- [Task description] Look through the listing below for the string "GRing". Show each line where it occurs.

**** Records for the task

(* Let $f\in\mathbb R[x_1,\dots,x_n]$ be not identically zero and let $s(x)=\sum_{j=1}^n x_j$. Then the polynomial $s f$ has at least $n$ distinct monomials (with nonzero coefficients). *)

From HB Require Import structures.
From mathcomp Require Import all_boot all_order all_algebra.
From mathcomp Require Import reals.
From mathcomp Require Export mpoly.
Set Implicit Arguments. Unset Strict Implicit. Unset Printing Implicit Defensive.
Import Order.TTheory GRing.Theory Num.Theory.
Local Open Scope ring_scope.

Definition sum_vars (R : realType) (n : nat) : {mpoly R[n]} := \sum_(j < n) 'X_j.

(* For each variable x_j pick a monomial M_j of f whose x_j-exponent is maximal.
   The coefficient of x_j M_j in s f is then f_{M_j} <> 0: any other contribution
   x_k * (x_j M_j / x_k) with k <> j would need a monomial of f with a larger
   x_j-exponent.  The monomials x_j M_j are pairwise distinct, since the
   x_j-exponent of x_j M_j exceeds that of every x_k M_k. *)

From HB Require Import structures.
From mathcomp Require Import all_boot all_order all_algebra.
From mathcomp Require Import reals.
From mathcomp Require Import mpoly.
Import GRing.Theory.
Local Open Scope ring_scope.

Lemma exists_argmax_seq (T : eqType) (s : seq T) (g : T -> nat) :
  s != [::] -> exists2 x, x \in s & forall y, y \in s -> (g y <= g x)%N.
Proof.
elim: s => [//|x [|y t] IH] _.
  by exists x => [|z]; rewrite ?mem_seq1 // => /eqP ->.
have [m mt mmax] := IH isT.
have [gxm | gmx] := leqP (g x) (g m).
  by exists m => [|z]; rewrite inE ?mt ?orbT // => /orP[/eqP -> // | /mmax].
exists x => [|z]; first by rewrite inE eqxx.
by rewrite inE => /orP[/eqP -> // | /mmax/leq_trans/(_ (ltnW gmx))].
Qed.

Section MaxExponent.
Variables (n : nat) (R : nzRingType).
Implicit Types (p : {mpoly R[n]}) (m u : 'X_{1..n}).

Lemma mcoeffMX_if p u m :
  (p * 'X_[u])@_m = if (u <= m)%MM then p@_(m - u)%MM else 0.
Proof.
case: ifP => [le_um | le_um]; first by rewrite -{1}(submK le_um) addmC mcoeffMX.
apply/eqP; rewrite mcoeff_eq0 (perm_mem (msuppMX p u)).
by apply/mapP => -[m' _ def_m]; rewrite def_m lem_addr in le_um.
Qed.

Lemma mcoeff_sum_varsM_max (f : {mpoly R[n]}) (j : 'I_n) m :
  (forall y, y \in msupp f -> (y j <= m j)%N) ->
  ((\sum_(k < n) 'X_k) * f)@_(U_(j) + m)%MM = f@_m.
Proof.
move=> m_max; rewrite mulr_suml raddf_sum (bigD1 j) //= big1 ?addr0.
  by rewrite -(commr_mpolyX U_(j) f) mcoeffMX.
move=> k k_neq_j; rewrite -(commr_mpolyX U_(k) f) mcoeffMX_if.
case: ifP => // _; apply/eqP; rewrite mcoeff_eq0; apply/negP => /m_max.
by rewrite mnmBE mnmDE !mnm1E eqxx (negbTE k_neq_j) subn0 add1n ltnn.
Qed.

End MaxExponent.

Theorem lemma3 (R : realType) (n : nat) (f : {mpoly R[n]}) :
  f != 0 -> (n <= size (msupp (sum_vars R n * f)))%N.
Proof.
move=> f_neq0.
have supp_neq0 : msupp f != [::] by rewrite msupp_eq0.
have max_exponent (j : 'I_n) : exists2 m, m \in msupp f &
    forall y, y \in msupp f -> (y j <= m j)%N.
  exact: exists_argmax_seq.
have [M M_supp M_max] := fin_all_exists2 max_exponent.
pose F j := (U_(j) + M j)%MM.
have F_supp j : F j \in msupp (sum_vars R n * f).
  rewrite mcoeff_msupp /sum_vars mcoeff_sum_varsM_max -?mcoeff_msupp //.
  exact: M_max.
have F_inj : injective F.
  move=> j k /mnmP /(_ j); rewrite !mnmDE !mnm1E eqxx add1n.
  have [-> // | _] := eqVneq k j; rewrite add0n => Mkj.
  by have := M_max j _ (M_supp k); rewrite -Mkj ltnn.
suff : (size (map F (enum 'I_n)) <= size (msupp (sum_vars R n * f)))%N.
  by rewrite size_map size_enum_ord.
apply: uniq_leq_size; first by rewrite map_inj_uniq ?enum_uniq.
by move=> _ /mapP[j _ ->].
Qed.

********
**** Records for the task

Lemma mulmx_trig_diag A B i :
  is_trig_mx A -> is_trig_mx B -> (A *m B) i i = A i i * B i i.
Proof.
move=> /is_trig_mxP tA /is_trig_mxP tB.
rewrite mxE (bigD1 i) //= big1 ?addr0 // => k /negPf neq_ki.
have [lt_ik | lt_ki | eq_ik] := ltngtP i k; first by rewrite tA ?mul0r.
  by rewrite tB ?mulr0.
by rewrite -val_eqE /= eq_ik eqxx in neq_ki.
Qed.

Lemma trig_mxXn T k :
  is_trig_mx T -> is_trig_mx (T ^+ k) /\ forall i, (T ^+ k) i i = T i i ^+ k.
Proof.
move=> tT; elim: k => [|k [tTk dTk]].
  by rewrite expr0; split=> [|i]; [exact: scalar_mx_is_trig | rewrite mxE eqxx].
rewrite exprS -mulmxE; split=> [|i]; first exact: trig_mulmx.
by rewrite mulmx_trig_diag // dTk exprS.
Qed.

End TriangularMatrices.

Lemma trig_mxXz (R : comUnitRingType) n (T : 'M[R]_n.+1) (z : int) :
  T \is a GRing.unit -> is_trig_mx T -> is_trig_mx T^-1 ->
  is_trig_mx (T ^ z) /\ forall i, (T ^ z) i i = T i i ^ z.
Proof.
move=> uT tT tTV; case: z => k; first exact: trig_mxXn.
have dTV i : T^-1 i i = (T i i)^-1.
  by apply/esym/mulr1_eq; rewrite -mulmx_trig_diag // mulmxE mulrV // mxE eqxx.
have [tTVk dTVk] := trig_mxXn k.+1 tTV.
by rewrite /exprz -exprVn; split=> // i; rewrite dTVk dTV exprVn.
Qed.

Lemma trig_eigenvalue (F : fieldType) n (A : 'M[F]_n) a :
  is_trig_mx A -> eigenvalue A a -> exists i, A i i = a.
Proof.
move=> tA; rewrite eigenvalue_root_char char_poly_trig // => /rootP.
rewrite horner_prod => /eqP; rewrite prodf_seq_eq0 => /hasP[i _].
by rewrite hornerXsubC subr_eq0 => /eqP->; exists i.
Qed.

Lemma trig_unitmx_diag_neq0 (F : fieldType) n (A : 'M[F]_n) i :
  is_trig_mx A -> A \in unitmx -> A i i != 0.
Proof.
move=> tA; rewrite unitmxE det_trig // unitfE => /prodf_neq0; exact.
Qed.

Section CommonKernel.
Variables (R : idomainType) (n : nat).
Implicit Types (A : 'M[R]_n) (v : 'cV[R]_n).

********

- [Answer space]
Import Order.TTheory GRing.Theory Num.Theory.
Import GRing.Theory.
  T \is a GRing.unit -> is_trig_mx T -> is_trig_mx T^-1 ->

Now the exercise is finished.